Резко развернувшись, Гюльхан Султан, надменно-оскорблённо вскинув рыжеволосую голову, покинула опочивальню. Некоторое время Сулейман и Айсан задумчиво смотрели на закрывшиеся двери, а после напряжённо переглянулись.
— Мне уйти, господин?
— Да, пожалуй, — выдохнул Сулейман, явственно расстроенный после очередной ссоры с матерью. — Возвращайся в свою комнату. Валиде тебя не тронет.
— Хотелось бы верить в это… — кланяясь, прошептала Айсан. — Султанша очень зла.

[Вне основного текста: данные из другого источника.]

Lemma f_scaled_succ x n : nrm (f_scaled n.+1 x - f_scaled n x) <= D^-1 * psi_scaled x n.
Proof.
have -> : f_scaled n.+1 x - f_scaled n x =
    (2 * kk ^+ 4 * kk ^+ (4 * n))^-1 *: Delta k f (x *+ (k ^ n)) 0.
  rewrite Delta_y0 f0 scaler0 addr0 scalerBr !scalerA -mulrnA -expnSr.
  congr (_ *: _ - _ *: _); rewrite ?mulnS ?exprD; field;
  by rewrite expf_neq0 ?k_neq0 //=; move: two_neq0.
rewrite (nrmZ nrm_na) (absV abs_na) (absM abs_na) -natr_2k4 (absX abs_na) invfM -mulrA.
apply: ler_wpM2l; first exact: invD_ge0.
rewrite mulrC; apply: ler_wpM2r; last exact: Delta_f_le.
by rewrite invr_ge0 exprn_ge0 ?abs_ge0.
Qed.

Lemma f_scaled_cauchy x : norm_cauchy nrm (fun n => f_scaled n x).
Proof.
apply: (ultrametric_cauchy abs_na nrm_na (f_scaled_succ x)).
by rewrite -(mulr0 D^-1); apply: cvgMl_tmp; exact: psi_scaled_cvg0.
Qed.

Lemma f_scaled_bound x n : nrm (f_scaled n x - f x) <= D^-1 * psi_max x n.
Proof.
have -> : f x = f_scaled 0 x by rewrite /f_scaled muln0 expr0 invr1 scale1r expn0 mulr1n.
rewrite /psi_max -bigmax_pMr ?invD_ge0 //.
exact: (ultrametric_telescope nrm_na _ (f_scaled_succ x)).
Qed.

Hypothesis psi_max_cvg : forall x, cvgn (psi_max x).

Lemma psi_max_le x n : psi_max x n <= psi_tilde x.
Proof.
have psi_max_nd : {homo psi_max x : m n / (m <= n)%N >-> m <= n}.
  by apply/nondecreasing_seqP => m; rewrite /psi_max bigmax_nat_recr le_max lexx.
exact: nondecreasing_cvgn_le psi_max_nd (@psi_max_cvg x) n.
Qed.

Lemma f_scaled_lim_quartic (Q : G -> X) :
  (forall x, nrm (f_scaled n x - Q x) @[n --> \oo] --> 0) -> quartic k Q.
Proof.
move=> fQ; apply: (quartic_lim abs_na nrm_na fQ) => x y.
apply: squeeze_cvgr (cvg_cst 0) (psi_scaled0 x y); apply: nearW => n.
rewrite (nrm_ge0 nrm_na) /f_scaled (DeltaZ k _ (fun z => f (z *+ (k ^ n)))) Delta_mulrn.
rewrite (nrmZ nrm_na) (absV abs_na) (absX abs_na) mulrC /=.
by apply: ler_wpM2r; [rewrite invr_ge0 exprn_ge0 ?abs_ge0 | exact: Delta_f_le].
Qed.

Lemma f_scaled_lim_bound (Q : G -> X) x :
  (forall x, nrm (f_scaled n x - Q x) @[n --> \oo] --> 0) ->
  nrm (Q x - f x) <= D^-1 * psi_tilde x.
Proof.
move=> fQ; apply: (nrm_lim_le abs_na nrm_na (fQ x)) => n.
apply: le_trans (f_scaled_bound x n) _.
by apply: ler_wpM2l; [exact: invD_ge0 | exact: psi_max_le].
Qed.

Lemma psi_max_mulrn x i n :
  psi_max (x *+ (k ^ i)) n =
  abs kk ^+ (4 * i) * \big[Num.max/0]_(i <= j < n + i) psi_scaled x j.
Proof.
have -> : \big[Num.max/0]_(i <= j < n + i) psi_scaled x j =
          \big[Num.max/0]_(0 <= j < n) psi_scaled x (j + i).
  by rewrite -{1}[i]add0n big_addn addnK.
rewrite /psi_max -bigmax_pMr ?exprn_ge0 ?abs_ge0 //; apply: eq_bigr => j _.
rewrite /psi_scaled -mulrnA -expnD addnC mulnDr exprD; field.
by rewrite !abs_kX_neq0.
Qed.

Lemma psi_tail_psi_tilde x i :
  psi_tail x i = (abs kk ^+ (4 * i))^-1 * psi_tilde (x *+ (k ^ i)).
Proof.
rewrite /psi_tail; suff -> : (fun n => \big[Num.max/0]_(i <= j < n + i) psi_scaled x j) =
          (fun n => (abs kk ^+ (4 * i))^-1 * psi_max (x *+ (k ^ i)) n).
  by apply: cvg_lim => //; exact: cvgMl_tmp (@psi_max_cvg _).
by apply/funext => n; rewrite psi_max_mulrn mulKf ?abs_kX_neq0.
Qed.

Lemma quartic_approx_unique (Q Q' : G -> X) :
  quartic k Q -> quartic k Q' ->
  (forall x, nrm (Q x - f x) <= D^-1 * psi_tilde x) ->
  (forall x, nrm (Q' x - f x) <= D^-1 * psi_tilde x) ->
  (forall x, psi_tail x i @[i --> \oo] --> 0) -> Q' = Q.
Proof.
move=> qQ qQ' Q_le Q'_le tail0; apply/funext => x.
have QQ'_le i : nrm (Q' x - Q x) <= D^-1 * psi_tail x i.
  set z := x *+ (k ^ i).
  have QQ'z_le : nrm (Q' z - Q z) <= D^-1 * psi_tilde z.
    rewrite -(subrK (f z) (Q' z)) -addrA; apply: (nrmD_le nrm_na) => //.
    by rewrite (nrm_distC abs_na nrm_na).
  rewrite !(quartic_mulrn_expn two_neq0 k_neq0) // -scalerBr in QQ'z_le.
  rewrite (nrmZ nrm_na) (absX abs_na) in QQ'z_le.
  by rewrite psi_tail_psi_tilde mulrCA ler_pdivlMl ?exprn_gt0 ?abs_k_gt0.
have tail0' : D^-1 * psi_tail x i @[i --> \oo] --> 0.
  by rewrite -(mulr0 D^-1); exact: cvgMl_tmp.
apply/eqP; rewrite -subr_eq0 -(nrm_eq0 nrm_na) eq_le (nrm_ge0 nrm_na) andbT.
rewrite -(cvg_lim _ tail0') //; apply: limr_ge; [exact: cvgP tail0' | exact: nearW].
Qed.

End Stability.

Theorem theorem3p1 (R : realType) (K : fieldType) (abs : K -> R)
  (X : lmodType K) (nrm : X -> R) (G : zmodType) (k : nat)
  (psi : G -> G -> R) (f : G -> X) :
  nonarch_abs abs -> nontrivial_abs abs ->
  nonarch_norm abs nrm -> norm_complete nrm ->
  abs ((2 * k ^ 4)%N%:R) != 0 ->
  (forall x y, 0 <= psi x y) ->
  (forall x y, (fun n : nat => psi (x *+ (k ^ n)) (y *+ (k ^ n))
                               / abs (k%:R) ^+ (4 * n)) @ \oo --> (0 : R)) ->
  (forall x, cvgn (fun n : nat =>
       \big[Num.max/0]_(0 <= j < n) (psi (x *+ (k ^ j)) 0 / abs (k%:R) ^+ (4 * j)))) ->
  f 0 = 0 ->
  (forall x y, nrm (Delta k f x y) <= psi x y) ->
  exists Q : G -> X,
    quartic k Q /\
    (forall x, nrm (Q x - f x) <=
       (abs ((2 * k ^ 4)%N%:R))^-1 *
       limn (fun n : nat =>
         \big[Num.max/0]_(0 <= j < n) (psi (x *+ (k ^ j)) 0 / abs (k%:R) ^+ (4 * j)))) /\
    ((forall x, (fun i : nat =>
        limn (fun n : nat =>
          \big[Num.max/0]_(i <= j < n + i) (psi (x *+ (k ^ j)) 0 / abs (k%:R) ^+ (4 * j))))
        @ \oo --> (0 : R)) ->
     forall Q' : G -> X, quartic k Q' ->
       (forall x, nrm (Q' x - f x) <=
          (abs ((2 * k ^ 4)%N%:R))^-1 *
          limn (fun n : nat =>
            \big[Num.max/0]_(0 <= j < n) (psi (x *+ (k ^ j)) 0 / abs (k%:R) ^+ (4 * j)))) ->
       Q' = Q).
Proof.
move=> abs_na _ nrm_na complete D_neq0 _ psi_scaled0 psi_max_cvg f0 Delta_f_le.
have f_scaled_lim x : exists l, nrm (f_scaled k f n x - l) @[n --> \oo] --> 0.
  apply: (norm_complete_cvg nrm_na complete).
  exact: f_scaled_cauchy abs_na nrm_na D_neq0 psi_scaled0 f0 Delta_f_le x.
have [Q f_scaled_cvg] := choice f_scaled_lim.
have qQ := f_scaled_lim_quartic abs_na nrm_na psi_scaled0 Delta_f_le f_scaled_cvg.
have Q_le x := f_scaled_lim_bound abs_na nrm_na D_neq0 f0 Delta_f_le psi_max_cvg x f_scaled_cvg.
exists Q; split=> //; split=> // tail0 Q' qQ' Q'_le.
exact: (quartic_approx_unique (f := f) abs_na nrm_na D_neq0 psi_max_cvg
  qQ qQ' Q_le Q'_le tail0).
Qed.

— Я же сказал, что ты отныне под моей защитой. Не думай о плохом. Ступай.
Покидая опочивальню, Айсан мимолётно взглянула в синие глаза Шехзаде Сулеймана. В них, сколько бы он этого не хотел скрыть, плескались раскаяние и чувство вины. Если эти чувства овладеют им, то он перейдёт на сторону Гюльхан Султан. Значит, эти чувства в нём нужно убить.
Стамбул. Дворец Хюррем Султан.
Солнечные лучи давно осветили опочивальню с наступлением утра, но Хюррем Султан, лежащая на ложе, этого даже не заметила. С каждой минутой, каждым часом и днём какая-то странная меланхолия завладевала ею. Женщина потеряла аппетит и перестала толком есть, безвольно лежала на ложе или тоскливо-задумчиво смотрела в окно.